=== INPUT ===

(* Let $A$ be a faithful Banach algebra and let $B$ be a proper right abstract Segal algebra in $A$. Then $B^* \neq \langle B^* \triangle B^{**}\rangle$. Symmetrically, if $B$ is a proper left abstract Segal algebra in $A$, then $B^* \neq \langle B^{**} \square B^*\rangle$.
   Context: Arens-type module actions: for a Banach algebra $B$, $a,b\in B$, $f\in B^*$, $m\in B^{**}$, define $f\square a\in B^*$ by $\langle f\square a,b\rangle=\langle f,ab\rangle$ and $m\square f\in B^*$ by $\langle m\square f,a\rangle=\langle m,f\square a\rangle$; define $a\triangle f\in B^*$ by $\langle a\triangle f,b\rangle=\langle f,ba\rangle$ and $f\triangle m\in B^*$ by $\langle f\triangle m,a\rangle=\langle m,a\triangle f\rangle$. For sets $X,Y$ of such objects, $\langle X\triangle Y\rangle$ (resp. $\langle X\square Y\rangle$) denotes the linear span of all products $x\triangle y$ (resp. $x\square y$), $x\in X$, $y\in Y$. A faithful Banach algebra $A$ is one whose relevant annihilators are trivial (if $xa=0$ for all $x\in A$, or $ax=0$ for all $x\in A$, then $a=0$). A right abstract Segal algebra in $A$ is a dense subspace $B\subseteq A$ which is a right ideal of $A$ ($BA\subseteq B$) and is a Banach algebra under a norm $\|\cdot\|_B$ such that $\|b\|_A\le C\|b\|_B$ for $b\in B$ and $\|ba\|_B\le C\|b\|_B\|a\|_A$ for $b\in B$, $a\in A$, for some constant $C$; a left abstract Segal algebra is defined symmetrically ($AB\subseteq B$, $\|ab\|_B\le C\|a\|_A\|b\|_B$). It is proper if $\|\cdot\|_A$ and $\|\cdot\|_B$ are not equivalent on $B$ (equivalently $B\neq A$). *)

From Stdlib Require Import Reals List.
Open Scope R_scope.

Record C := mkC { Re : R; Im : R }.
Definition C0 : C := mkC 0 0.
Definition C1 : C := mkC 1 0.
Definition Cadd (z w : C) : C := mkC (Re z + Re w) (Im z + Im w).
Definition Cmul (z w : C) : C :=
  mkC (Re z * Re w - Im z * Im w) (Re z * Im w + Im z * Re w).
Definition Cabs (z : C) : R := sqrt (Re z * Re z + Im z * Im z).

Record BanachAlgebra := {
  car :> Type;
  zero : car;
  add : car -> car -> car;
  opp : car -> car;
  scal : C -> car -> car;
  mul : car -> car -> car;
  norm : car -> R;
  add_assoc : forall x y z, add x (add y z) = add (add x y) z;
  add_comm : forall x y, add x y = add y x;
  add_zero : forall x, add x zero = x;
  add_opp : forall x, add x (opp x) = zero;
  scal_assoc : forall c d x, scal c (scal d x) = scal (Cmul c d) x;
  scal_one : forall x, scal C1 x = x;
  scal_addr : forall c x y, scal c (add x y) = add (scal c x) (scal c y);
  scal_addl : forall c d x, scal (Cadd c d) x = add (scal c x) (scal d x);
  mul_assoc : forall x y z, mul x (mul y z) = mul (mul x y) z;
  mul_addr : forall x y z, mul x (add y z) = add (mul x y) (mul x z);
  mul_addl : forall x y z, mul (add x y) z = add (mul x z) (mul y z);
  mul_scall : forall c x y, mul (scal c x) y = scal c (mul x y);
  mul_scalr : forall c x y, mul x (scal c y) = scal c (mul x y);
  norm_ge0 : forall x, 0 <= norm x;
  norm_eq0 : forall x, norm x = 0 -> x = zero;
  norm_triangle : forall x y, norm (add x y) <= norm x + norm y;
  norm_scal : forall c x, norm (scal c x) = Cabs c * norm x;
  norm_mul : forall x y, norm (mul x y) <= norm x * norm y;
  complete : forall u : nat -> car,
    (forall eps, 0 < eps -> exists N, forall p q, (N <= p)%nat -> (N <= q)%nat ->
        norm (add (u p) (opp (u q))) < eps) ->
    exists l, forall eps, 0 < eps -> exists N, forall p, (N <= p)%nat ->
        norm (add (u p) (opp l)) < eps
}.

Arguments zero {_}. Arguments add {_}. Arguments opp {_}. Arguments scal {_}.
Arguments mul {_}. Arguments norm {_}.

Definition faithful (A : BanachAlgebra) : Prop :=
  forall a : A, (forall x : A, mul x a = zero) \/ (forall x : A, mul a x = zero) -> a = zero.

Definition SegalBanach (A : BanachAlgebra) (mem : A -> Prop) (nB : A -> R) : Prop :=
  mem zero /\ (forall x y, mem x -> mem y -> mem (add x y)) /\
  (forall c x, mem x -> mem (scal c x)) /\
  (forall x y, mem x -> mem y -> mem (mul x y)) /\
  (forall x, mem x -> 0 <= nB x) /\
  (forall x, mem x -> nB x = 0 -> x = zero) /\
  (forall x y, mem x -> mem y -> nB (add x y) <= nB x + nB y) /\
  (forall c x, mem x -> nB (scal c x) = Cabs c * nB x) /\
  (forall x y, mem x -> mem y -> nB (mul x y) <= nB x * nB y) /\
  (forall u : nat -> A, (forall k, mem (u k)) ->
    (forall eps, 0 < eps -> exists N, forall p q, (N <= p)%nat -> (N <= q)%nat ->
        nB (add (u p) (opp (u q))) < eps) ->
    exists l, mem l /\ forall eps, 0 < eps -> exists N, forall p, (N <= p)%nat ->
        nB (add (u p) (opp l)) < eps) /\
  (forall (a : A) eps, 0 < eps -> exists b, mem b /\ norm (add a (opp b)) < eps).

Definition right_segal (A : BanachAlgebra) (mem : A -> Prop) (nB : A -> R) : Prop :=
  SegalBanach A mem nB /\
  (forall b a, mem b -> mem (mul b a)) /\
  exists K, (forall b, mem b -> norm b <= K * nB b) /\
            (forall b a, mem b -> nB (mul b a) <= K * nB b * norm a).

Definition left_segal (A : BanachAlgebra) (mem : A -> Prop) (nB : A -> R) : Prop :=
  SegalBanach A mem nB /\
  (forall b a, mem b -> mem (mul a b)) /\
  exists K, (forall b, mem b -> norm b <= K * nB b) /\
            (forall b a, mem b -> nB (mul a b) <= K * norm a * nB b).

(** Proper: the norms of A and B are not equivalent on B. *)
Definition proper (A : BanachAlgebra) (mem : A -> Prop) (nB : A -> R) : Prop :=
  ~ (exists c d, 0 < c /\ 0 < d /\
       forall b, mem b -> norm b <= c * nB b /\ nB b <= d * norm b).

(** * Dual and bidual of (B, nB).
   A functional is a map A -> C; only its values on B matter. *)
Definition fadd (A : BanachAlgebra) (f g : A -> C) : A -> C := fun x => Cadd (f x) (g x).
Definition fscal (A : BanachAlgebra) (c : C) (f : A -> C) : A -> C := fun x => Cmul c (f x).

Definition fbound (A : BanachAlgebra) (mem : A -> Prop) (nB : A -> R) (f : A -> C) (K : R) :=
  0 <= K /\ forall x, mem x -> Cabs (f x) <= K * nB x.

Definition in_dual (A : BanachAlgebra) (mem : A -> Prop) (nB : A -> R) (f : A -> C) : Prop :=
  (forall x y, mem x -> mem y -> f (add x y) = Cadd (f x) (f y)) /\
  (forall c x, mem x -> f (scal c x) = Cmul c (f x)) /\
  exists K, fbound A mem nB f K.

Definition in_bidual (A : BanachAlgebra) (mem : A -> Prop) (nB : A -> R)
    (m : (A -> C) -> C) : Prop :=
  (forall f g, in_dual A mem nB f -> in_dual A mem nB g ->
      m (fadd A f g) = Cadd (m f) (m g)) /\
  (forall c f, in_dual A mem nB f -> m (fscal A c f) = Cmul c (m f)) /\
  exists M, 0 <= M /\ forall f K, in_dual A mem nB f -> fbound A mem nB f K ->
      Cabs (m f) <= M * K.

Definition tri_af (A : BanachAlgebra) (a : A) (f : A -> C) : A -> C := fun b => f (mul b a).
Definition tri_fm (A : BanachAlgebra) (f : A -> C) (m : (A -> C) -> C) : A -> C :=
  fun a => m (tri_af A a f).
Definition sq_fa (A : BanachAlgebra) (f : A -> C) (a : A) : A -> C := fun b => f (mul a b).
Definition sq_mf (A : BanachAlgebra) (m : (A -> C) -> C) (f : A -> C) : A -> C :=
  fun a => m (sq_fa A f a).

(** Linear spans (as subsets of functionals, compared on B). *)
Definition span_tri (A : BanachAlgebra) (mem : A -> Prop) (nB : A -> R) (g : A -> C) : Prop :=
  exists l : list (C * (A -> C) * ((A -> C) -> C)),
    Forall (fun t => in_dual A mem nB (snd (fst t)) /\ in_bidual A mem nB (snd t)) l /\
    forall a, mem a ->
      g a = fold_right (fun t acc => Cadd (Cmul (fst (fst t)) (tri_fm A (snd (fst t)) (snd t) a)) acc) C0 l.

===

Lines holding the word "fadd" should be counted across the entries; state only how many there are.

> **WRITTEN SOLUTION**
2